## What is needed
The lines below starting at the line containing "move=> gT; apply/setP" and ending at the line containing "by apply/eqP/ffunP =>" are to be repeated exactly, with both ends kept and nothing else added.
─── Stored data
Lemma cmx_cast m n m' n' (e : (m = m') * (n = n')) (f : R -> 'M[R]_(m, n)) :
  cmx f -> cmx (fun u => castmx e (f u)).
Proof. by move=> cf i j; under eq_fun do rewrite castmxE; exact: cf. Qed.

Lemma cmx_tens m n p q (f : R -> 'M[R]_(m, n)) (g : R -> 'M[R]_(p, q)) :
  cmx f -> cmx g -> cmx (fun u => f u *t g u).
Proof.
move=> cf cg i j; under eq_fun do rewrite mxE.
by move=> t; apply: continuousM; [exact: cf|exact: cg].
Qed.

Lemma cmx_kron_vpow n (x : R -> 'cV[R]_n) r : cmx x -> cmx (fun u => kron_vpow (x u) r).
Proof.
move=> cx; apply: cmx_cast; elim: r => [|r IH] /=; first by move=> i j; exact: cst_continuous.
exact/cmx_cast/cmx_tens.
Qed.

Lemma dmx_eq m n (f : R -> 'M[R]_(m, n)) t D D' : dmx f t D -> D = D' -> dmx f t D'.
Proof. by move=> H <-. Qed.

Lemma dmx_cst m n (A : 'M[R]_(m, n)) t : dmx (fun=> A) t 0.
Proof. by move=> i j; rewrite mxE; exact: is_derive_cst. Qed.

Lemma dmx_mulmx m n p (f : R -> 'M[R]_(m, n)) (g : R -> 'M[R]_(n, p)) t D E :
  dmx f t D -> dmx g t E -> dmx (fun u => f u *m g u) t (f t *m E + D *m g t).
Proof.
move=> df dg i j; under eq_fun do rewrite mxE.
rewrite !mxE -big_split /= -fct_sumE; apply: is_derive_sum => k.
by apply: is_derive_eq (is_derive_mul (df i k) (dg k j)) _; rewrite [g t k j * _]mulrC.
Qed.

Lemma dmx_lmul m n p (A : 'M[R]_(m, n)) (g : R -> 'M[R]_(n, p)) t E :
  dmx g t E -> dmx (fun u => A *m g u) t (A *m E).
Proof.
by move=> dg; apply: dmx_eq (dmx_mulmx (dmx_cst A t) dg) _; rewrite mul0mx addr0.
Qed.

Lemma dmx_tr m n (f : R -> 'M[R]_(m, n)) t D : dmx f t D -> dmx (fun u => (f u)^T) t D^T.
Proof. by move=> df i j; under eq_fun do rewrite mxE; rewrite mxE; exact: df. Qed.

Lemma dmx_cast m n m' n' (e : (m = m') * (n = n')) (f : R -> 'M[R]_(m, n)) t D :
  dmx f t D -> dmx (fun u => castmx e (f u)) t (castmx e D).
Proof. by move=> df i j; under eq_fun do rewrite castmxE; rewrite castmxE; exact: df. Qed.

Lemma dmx_tens m n p q (f : R -> 'M[R]_(m, n)) (g : R -> 'M[R]_(p, q)) t D E :
  dmx f t D -> dmx g t E -> dmx (fun u => f u *t g u) t (D *t g t + f t *t E).
Proof.
move=> df dg i j; under eq_fun do rewrite mxE.
apply: is_derive_eq (is_derive_mul (df _ _) (dg _ _)) _.
by rewrite !mxE addrC [g t _ _ * _]mulrC.
Qed.

Lemma dmx_kron_vpow n (M : 'M[R]_n) (x : R -> 'cV[R]_n) t r :
  dmx x t (M *m x t) ->
  dmx (fun u => kron_vpow (x u) r) t (kron_sum M r *m kron_vpow (x t) r).
Proof.
move=> dx; rewrite /kron_vpow -[kron_sum M r](castmx_id (erefl, erefl)) -castmx_mul.
apply: dmx_cast.
elim: r => [|r IH] /=; first by apply: dmx_eq (dmx_cst _ _) _; rewrite mul0mx.
apply: dmx_eq (dmx_cast _ (dmx_tens dx IH)) _.
by rewrite castmx_mulmx mulmxDl !tensmx_mul !mul1mx.
Qed.

End EntrywiseCalculus.

Section SwitchedDecay.
Variable R : realType.

(* Mean value theorem on each piece of [[a, b]] cut at the points of [s]. *)
Lemma ler_derive_nonpos (f df : R -> R) (s : seq R) (a b : R) :
  a <= b -> continuous f ->
  (forall t, a < t -> t < b -> t \notin s -> is_derive t 1 f (df t) /\ df t <= 0) ->
  f b <= f a.
Proof.
elim: s a b => [|p s IH] a b ab cf H.
  case: (ltgtP a b) ab => // [altb _|-> _]; last by [].
  have itv x : x \in `]a, b[ -> a < x /\ x < b by rewrite in_itv /= => /andP.
  have [c cab] := MVT altb (fun x xab => (H x (itv x xab).1 (itv x xab).2 (negbT (in_nil x))).1)
     (continuous_subspaceT cf).
  move/eqP; rewrite subr_eq => /eqP->.
  rewrite gerDr; apply: mulr_le0_ge0; last by rewrite subr_ge0 ltW.
  exact: (H c (itv c cab).1 (itv c cab).2 (negbT (in_nil c))).2.
have notin_cons t : t \notin s -> t != p -> t \notin p :: s.
  by move=> ts tp; rewrite inE negb_or tp.
have [/andP[ap pb]|np] := boolP ((a < p) && (p < b)).
  apply: (@le_trans _ _ (f p)).
    apply: IH (ltW pb) cf _ => t pt tb ts; apply: H (lt_trans ap pt) tb _.
    by apply: notin_cons => //; rewrite gt_eqF.
  apply: IH (ltW ap) cf _ => t aT tb ts; apply: H aT (lt_trans tb pb) _.
  by apply: notin_cons => //; rewrite lt_eqF.
apply: IH => // t aT tb ts; apply: (H t aT tb (notin_cons _ ts _)).
by apply: contra np => /eqP tp; rewrite -tp aT tb.
Qed.

Lemma switched_expR_decay m (sigma : R -> 'I_m) (f df : R -> R) (c : R) :
  switching_signal sigma -> continuous f ->
  (forall t, 0 < t -> locally_const_at sigma t ->
     is_derive t 1 f (df t) /\ df t <= - c * f t) ->
  forall t, 0 <= t -> expR (c * t) * f t <= f 0.
Proof.
move=> sw cf H T T0; have [s Hs] := sw T.
have expc : continuous (fun u => expR (c * u)).
  move=> u; apply: (@continuous_comp _ _ _ (fun u => c * u) expR); last exact: continuous_expR.
  by apply: (@continuousM R _ (cst c) id); [exact: cst_continuous|].
have := @ler_derive_nonpos (fun u => expR (c * u) * f u)
  (fun u => expR (c * u) * df u + f u * (c * expR (c * u))) s 0 T T0.
rewrite mulr0 expR0 mul1r; apply => [u|t t0 tT ts].
  by apply: (@continuousM R _ (fun u => expR (c * u)) f); [exact: expc|exact: cf].
have lc : locally_const_at sigma t by apply: Hs => //; rewrite (ltW t0) (ltW tT).
have [dft dfle] := H t t0 lc.
split; first exact: is_derive_mul (is_derive_expRM c t) dft.
have := expR_gt0 (c * t); nra.
Qed.
Lemma parallel_embed_diff t j x :
  g (t + brick_embed j x) + g (brick_embed j x) + g t =
  brick_embed j (S j (t j + x) + S j x + S j (t j)).
Proof.
apply/ffunP => k; rewrite !ffunE !gE !ffunE.
by case: eqP => [-> // | _]; rewrite addr0 S0 addr0 addrr_F2.
Qed.

Lemma parallel_wall I : g @: wall s I = wall s I.
Proof.
apply/eqP; rewrite eqEcard card_imset ?leqnn ?andbT; last exact: perm_inj.
apply/subsetP => _ /imsetP[x /[!inE] /forallP xI ->]; apply/forallP => j.
by apply/implyP => jI; rewrite gE (eqP (implyP (xI j) jI)) S0.
Qed.

Lemma parallel_slice j T U : g @: T = U -> S j @: brick_slice j T = brick_slice j U.
Proof.
move=> gT; apply/setP => v; rewrite inE -gT; apply/imsetP/imsetP.
  by case=> w /[!inE] wT ->; exists (brick_embed j w); rewrite ?parallel_embed.
case=> t tT embv; exists ((S j)^-1 v)%g; last by rewrite permKV.
rewrite inE; suff -> : brick_embed j ((S j)^-1 v)%g = t by [].
by apply: (@perm_inj _ g); rewrite parallel_embed permKV.
Qed.

Variable delta : nat.
Hypothesis delta_lt_s : (delta < s)%N.
Hypothesis S_uniform : forall j, weakly_uniform (2 ^ delta) (S j).
Hypothesis S_anti : forall j, strongly_anti_invariant delta (S j).

Lemma parallel_derivative_wall T U :
  addr_closed T -> addr_closed U -> g @: T = U ->
  (forall t x, t \in T -> g (t + x) + g x \in U) ->
  T = wall s [set j | [exists t in T, t j != 0]].
Proof.
move=> Tc Uc gT Tdiff; apply: wall_support => // j t tT tj.
have [_ UD] := Uc.
apply: (anti_invariant_preimage_full delta_lt_s (S_uniform j) (S_anti j)) tj _.
- exact: brick_slice_addr_closed.
- exact: (brick_slice_addr_closed j Uc).
- exact: parallel_slice.
move=> x; rewrite inE -parallel_embed_diff; apply: UD; first exact: Tdiff.
by rewrite -gT imset_f.
Qed.

Lemma parallel_derivative_neq0 a : a != 0 -> exists x, g (a + x) + g x + g a != 0.
Proof.
move=> a0; have [j aj] : exists j, a j != 0.
  apply/existsP; apply: contraR a0 => /existsPn a0.
  by apply/eqP/ffunP => j; rewrite ffunE; apply/eqP/negPn/a0.
have [x Sx] := weakly_uniform_nonaffine delta_lt_s (S_uniform j) aj.
by exists (brick_embed j x); rewrite parallel_embed_diff brick_embed_eq0.
Qed.

End ParallelMap.

Definition spn_round b s delta (rho gamma lambda : {perm state b s}) :=
  [/\ rho 0 = 0, rho = (gamma * lambda)%g,
      parallel_with gamma
        (fun f => weakly_uniform (2 ^ delta) f /\ strongly_anti_invariant delta f),
      is_linear lambda & strongly_proper lambda].

Section SPNRound.
Variables (b s delta : nat) (rho gamma lambda : {perm state b s}).
Hypothesis delta_lt_s : (delta < s)%N.
Hypothesis round : spn_round delta rho gamma lambda.

Lemma spn_roundE x : rho x = lambda (gamma x).
Proof. by case: round => _ -> *; rewrite permM. Qed.

Lemma spn_round_linearD : {morph lambda : x y / x + y}.
Proof. by case: round => _ _ _ lin _ x y; have := lin 1 x y; rewrite !scale1r. Qed.

Lemma spn_round_linear0 : lambda 0 = 0.
Proof. by apply: (addIr (lambda 0)); rewrite -spn_round_linearD !addr0 add0r. Qed.

Lemma spn_round_wall (T U : {set state b s}) :
  addr_closed T -> addr_closed U -> rho @: T = U ->
  (forall t x, t \in T -> rho (t + x) + rho x \in U) ->
  exists I, T = wall s I /\ lambda @: wall s I = U.
Proof.
have [_ _ [S [S_good gE]] _ _] := round.
have S0 j : S j 0 = 0 by have [_ []] := S_good j.
have S_uniform j := (S_good j).1; have S_anti j := (S_good j).2.
move=> Tc [U0 UD] rT Tdiff; pose V := lambda @^-1: U.
have Vc : addr_closed V.
  by split=> [|x y]; rewrite !inE ?spn_round_linear0 ?spn_round_linearD //; apply: UD.
have gT : gamma @: T = V.
  apply/setP => y; rewrite inE -rT -(mem_imset _ _ (@perm_inj _ lambda)) -imset_comp.
  by rewrite (eq_imset _ spn_roundE).
have Vdiff t x : t \in T -> gamma (t + x) + gamma x \in V.
  by move=> tT; rewrite inE spn_round_linearD -!spn_roundE Tdiff.
have TI := parallel_derivative_wall gE S0 delta_lt_s S_uniform S_anti Tc Vc gT Vdiff.
exists [set j | [exists t in T, t j != 0]]; split => //.
by rewrite -(parallel_wall gE S0) -TI -rT -imset_comp (eq_imset _ spn_roundE).
Qed.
──────
## Result of this exercise
move=> gT; apply/setP => v; rewrite inE -gT; apply/imsetP/imsetP.
  by case=> w /[!inE] wT ->; exists (brick_embed j w); rewrite ?parallel_embed.
case=> t tT embv; exists ((S j)^-1 v)%g; last by rewrite permKV.
rewrite inE; suff -> : brick_embed j ((S j)^-1 v)%g = t by [].
by apply: (@perm_inj _ g); rewrite parallel_embed permKV.
Qed.

Variable delta : nat.
Hypothesis delta_lt_s : (delta < s)%N.
Hypothesis S_uniform : forall j, weakly_uniform (2 ^ delta) (S j).
Hypothesis S_anti : forall j, strongly_anti_invariant delta (S j).

Lemma parallel_derivative_wall T U :
  addr_closed T -> addr_closed U -> g @: T = U ->
  (forall t x, t \in T -> g (t + x) + g x \in U) ->
  T = wall s [set j | [exists t in T, t j != 0]].
Proof.
move=> Tc Uc gT Tdiff; apply: wall_support => // j t tT tj.
have [_ UD] := Uc.
apply: (anti_invariant_preimage_full delta_lt_s (S_uniform j) (S_anti j)) tj _.
- exact: brick_slice_addr_closed.
- exact: (brick_slice_addr_closed j Uc).
- exact: parallel_slice.
move=> x; rewrite inE -parallel_embed_diff; apply: UD; first exact: Tdiff.
by rewrite -gT imset_f.
Qed.

Lemma parallel_derivative_neq0 a : a != 0 -> exists x, g (a + x) + g x + g a != 0.
Proof.
move=> a0; have [j aj] : exists j, a j != 0.
  apply/existsP; apply: contraR a0 => /existsPn a0.
  by apply/eqP/ffunP => j; rewrite ffunE; apply/eqP/negPn/a0.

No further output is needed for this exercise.